Exercise details: Of the entries below, return only those lines from the line with "Lemma diametral_path_head_nbr x" to the line with "(* Otherwise v_0, x", exactly, both included.

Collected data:
= Beginning of Section =
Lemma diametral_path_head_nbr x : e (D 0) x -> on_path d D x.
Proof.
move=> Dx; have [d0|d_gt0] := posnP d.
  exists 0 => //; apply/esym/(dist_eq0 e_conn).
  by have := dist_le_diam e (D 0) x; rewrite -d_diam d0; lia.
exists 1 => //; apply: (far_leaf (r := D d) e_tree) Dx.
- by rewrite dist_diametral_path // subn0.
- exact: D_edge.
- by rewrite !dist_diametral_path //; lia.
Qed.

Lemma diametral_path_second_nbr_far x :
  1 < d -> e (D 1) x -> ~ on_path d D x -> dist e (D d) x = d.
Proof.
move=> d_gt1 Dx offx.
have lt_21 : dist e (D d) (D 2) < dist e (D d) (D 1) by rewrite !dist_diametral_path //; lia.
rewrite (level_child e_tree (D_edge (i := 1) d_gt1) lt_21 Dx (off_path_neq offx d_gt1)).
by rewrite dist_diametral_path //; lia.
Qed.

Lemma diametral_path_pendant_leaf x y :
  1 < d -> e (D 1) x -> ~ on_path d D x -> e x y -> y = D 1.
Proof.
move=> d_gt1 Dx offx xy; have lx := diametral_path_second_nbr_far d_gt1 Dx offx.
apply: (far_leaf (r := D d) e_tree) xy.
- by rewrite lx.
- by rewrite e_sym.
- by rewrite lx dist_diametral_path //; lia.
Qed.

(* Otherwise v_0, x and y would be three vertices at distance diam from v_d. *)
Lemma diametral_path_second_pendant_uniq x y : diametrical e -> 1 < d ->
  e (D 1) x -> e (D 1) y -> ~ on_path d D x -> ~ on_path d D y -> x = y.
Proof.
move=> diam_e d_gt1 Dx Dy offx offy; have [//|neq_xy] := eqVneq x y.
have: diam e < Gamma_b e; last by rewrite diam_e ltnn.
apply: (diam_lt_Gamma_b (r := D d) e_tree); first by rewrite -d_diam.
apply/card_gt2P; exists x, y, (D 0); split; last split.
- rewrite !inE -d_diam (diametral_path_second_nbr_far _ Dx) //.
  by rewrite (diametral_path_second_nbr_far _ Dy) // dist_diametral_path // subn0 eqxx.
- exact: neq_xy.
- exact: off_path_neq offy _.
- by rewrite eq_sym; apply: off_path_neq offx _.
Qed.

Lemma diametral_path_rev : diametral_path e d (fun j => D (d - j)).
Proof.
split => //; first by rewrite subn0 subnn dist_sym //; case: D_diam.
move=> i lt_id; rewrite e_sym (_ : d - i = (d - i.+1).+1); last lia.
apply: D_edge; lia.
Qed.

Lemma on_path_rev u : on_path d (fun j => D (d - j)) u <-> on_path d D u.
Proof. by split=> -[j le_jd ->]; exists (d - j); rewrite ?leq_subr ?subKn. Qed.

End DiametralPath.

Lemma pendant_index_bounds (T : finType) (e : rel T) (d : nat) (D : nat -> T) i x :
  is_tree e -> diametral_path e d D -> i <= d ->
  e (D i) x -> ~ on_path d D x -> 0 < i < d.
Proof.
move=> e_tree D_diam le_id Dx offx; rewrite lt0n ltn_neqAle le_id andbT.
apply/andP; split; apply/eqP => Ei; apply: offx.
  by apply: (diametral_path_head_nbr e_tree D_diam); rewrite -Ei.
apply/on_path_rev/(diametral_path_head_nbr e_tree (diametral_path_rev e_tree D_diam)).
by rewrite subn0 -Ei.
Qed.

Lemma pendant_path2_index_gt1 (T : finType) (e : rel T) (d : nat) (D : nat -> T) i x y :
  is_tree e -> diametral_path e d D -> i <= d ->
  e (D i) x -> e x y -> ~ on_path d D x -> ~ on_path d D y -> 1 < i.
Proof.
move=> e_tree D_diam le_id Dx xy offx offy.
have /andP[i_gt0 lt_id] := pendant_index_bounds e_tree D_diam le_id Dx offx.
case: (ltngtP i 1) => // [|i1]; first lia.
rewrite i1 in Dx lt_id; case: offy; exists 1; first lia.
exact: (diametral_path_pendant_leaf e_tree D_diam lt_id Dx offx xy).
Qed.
= End of Section =
= Beginning of Section =
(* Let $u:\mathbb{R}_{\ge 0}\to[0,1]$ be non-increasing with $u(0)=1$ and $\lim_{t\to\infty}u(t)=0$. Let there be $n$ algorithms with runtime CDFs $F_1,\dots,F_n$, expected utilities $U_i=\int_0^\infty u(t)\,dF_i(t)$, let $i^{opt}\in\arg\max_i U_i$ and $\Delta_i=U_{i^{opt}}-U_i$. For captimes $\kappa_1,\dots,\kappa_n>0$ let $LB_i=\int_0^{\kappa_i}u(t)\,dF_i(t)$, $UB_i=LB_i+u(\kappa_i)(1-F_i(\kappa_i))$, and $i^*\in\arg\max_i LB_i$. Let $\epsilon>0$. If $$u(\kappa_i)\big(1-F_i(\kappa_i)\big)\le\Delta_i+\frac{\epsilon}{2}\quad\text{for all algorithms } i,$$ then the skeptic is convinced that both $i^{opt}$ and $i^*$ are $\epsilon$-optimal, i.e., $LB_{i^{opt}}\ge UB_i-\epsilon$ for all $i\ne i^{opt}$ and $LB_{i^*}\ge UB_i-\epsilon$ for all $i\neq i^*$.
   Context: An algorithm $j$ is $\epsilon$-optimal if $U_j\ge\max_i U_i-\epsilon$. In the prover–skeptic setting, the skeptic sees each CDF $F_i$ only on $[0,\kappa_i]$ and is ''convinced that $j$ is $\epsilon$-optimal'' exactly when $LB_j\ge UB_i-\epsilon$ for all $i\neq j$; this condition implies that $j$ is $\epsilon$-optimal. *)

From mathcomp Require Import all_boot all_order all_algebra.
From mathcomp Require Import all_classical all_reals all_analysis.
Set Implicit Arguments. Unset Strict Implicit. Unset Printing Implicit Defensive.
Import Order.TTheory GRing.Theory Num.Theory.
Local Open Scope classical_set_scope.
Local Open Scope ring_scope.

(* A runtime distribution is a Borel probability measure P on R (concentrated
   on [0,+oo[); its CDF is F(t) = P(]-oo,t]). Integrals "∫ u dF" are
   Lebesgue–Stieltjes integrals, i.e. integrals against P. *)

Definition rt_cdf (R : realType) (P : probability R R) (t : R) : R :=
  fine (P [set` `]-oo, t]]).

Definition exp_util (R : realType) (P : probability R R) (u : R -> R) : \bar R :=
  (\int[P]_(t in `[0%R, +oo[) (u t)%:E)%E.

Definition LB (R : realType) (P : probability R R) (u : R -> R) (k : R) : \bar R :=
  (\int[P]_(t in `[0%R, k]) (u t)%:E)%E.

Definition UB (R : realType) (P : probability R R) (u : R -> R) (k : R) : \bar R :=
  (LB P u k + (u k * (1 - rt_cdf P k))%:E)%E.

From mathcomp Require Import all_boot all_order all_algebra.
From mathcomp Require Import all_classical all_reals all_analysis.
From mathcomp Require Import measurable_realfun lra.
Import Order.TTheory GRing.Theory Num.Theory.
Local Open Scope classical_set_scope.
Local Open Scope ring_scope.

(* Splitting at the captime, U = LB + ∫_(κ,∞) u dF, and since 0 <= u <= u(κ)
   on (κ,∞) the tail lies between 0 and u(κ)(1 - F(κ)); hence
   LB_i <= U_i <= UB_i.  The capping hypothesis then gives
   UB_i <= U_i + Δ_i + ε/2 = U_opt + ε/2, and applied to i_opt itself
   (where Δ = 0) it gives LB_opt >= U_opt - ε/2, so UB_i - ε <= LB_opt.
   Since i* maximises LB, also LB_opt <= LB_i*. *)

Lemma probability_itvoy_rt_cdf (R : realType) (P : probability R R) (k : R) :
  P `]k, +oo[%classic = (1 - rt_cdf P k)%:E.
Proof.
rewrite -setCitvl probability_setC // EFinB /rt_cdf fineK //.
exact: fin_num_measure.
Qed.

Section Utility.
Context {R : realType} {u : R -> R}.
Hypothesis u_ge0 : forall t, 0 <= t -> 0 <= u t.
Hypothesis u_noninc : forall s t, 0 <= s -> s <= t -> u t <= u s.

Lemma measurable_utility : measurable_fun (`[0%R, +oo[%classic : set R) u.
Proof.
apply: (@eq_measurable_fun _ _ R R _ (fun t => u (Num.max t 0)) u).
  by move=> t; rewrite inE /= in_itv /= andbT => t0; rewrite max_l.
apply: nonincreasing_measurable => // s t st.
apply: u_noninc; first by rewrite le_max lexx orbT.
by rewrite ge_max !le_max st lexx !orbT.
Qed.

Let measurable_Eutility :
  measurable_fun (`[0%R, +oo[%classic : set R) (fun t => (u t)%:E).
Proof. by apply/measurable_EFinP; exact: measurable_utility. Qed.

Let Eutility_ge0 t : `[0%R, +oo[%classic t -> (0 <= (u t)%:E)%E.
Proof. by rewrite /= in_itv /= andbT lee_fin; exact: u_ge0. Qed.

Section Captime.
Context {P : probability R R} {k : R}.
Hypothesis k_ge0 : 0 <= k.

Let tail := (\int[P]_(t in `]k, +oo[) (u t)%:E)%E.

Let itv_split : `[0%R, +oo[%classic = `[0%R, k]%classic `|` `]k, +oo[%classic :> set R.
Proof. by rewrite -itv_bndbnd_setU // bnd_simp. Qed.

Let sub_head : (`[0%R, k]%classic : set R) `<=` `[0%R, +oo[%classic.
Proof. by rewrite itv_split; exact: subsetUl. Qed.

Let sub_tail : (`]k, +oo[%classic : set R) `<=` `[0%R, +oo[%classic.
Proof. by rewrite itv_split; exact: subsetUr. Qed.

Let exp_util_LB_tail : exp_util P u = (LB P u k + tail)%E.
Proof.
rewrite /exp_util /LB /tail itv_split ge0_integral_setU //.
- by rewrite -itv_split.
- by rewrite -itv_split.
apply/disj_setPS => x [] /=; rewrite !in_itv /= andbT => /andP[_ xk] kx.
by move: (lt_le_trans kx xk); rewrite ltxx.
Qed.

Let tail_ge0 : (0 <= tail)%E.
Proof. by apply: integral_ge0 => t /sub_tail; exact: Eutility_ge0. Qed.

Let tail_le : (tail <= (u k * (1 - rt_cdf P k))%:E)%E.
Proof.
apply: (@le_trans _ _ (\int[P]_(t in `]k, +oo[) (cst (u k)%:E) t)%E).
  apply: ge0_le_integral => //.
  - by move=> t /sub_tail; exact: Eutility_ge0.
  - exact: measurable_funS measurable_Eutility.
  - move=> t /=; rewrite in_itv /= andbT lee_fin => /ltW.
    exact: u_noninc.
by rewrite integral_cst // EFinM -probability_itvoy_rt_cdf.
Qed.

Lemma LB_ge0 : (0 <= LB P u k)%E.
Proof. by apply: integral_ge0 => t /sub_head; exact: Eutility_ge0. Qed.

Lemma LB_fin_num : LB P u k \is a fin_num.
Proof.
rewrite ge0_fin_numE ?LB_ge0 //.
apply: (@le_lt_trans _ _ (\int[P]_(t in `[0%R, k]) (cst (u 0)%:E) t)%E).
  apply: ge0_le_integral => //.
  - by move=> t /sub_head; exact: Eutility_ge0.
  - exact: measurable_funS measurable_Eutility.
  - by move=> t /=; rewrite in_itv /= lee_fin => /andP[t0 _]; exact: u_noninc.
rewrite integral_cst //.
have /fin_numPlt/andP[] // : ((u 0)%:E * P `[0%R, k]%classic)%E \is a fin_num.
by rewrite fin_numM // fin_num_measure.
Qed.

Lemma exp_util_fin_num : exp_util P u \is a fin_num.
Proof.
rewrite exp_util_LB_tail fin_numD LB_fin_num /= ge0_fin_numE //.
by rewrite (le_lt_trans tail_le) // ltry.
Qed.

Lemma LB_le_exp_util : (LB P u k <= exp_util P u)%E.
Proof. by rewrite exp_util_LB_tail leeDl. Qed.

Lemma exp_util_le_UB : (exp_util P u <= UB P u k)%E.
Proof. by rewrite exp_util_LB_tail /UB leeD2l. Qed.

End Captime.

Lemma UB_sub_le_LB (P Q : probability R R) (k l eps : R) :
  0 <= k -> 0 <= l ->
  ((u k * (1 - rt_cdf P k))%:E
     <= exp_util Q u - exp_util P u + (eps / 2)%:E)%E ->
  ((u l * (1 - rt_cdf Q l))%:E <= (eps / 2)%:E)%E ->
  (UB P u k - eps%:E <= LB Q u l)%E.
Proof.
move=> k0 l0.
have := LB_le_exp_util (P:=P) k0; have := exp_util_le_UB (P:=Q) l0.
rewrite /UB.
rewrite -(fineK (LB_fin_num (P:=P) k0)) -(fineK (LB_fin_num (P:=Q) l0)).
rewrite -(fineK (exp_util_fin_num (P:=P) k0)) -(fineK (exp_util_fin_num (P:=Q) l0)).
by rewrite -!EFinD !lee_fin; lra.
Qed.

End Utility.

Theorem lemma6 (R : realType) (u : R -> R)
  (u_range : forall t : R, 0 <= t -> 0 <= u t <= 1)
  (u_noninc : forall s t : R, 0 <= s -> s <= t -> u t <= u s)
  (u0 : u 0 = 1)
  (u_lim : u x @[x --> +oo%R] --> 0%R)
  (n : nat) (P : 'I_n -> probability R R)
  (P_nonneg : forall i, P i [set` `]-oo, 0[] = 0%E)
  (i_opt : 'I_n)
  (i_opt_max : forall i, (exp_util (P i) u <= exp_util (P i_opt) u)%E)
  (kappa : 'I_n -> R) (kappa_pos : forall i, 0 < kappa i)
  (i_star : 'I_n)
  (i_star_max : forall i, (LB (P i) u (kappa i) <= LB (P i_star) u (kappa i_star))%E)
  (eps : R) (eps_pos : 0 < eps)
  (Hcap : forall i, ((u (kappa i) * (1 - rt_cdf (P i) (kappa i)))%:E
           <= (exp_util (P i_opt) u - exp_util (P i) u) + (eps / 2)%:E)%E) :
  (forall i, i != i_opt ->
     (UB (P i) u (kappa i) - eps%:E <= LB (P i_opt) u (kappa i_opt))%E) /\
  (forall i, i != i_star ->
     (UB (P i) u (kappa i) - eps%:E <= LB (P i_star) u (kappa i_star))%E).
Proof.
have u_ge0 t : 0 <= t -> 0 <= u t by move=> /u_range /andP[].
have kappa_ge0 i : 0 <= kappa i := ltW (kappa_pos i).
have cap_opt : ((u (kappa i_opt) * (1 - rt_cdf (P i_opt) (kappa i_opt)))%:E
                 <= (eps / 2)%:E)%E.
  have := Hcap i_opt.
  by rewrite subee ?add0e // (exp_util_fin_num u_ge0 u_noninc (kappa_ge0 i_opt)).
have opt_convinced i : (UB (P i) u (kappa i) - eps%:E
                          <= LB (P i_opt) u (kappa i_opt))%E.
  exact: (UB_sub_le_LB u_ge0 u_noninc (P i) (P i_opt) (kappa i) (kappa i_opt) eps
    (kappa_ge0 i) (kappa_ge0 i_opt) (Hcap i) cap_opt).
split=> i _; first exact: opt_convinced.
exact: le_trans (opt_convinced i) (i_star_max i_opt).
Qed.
= End of Section =
Response area:
Lemma diametral_path_head_nbr x : e (D 0) x -> on_path d D x.
Proof.
move=> Dx; have [d0|d_gt0] := posnP d.
  exists 0 => //; apply/esym/(dist_eq0 e_conn).
  by have := dist_le_diam e (D 0) x; rewrite -d_diam d0; lia.
exists 1 => //; apply: (far_leaf (r := D d) e_tree) Dx.
- by rewrite dist_diametral_path // subn0.
- exact: D_edge.
- by rewrite !dist_diametral_path //; lia.
Qed.

Lemma diametral_path_second_nbr_far x :
  1 < d -> e (D 1) x -> ~ on_path d D x -> dist e (D d) x = d.
Proof.
move=> d_gt1 Dx offx.
have lt_21 : dist e (D d) (D 2) < dist e (D d) (D 1) by rewrite !dist_diametral_path //; lia.
rewrite (level_child e_tree (D_edge (i := 1) d_gt1) lt_21 Dx (off_path_neq offx d_gt1)).
by rewrite dist_diametral_path //; lia.
Qed.

Lemma diametral_path_pendant_leaf x y :
  1 < d -> e (D 1) x -> ~ on_path d D x -> e x y -> y = D 1.
Proof.
move=> d_gt1 Dx offx xy; have lx := diametral_path_second_nbr_far d_gt1 Dx offx.
apply: (far_leaf (r := D d) e_tree) xy.
- by rewrite lx.
- by rewrite e_sym.
- by rewrite lx dist_diametral_path //; lia.
Qed.

(* Otherwise v_0, x and y would be three vertices at distance diam from v_d. *)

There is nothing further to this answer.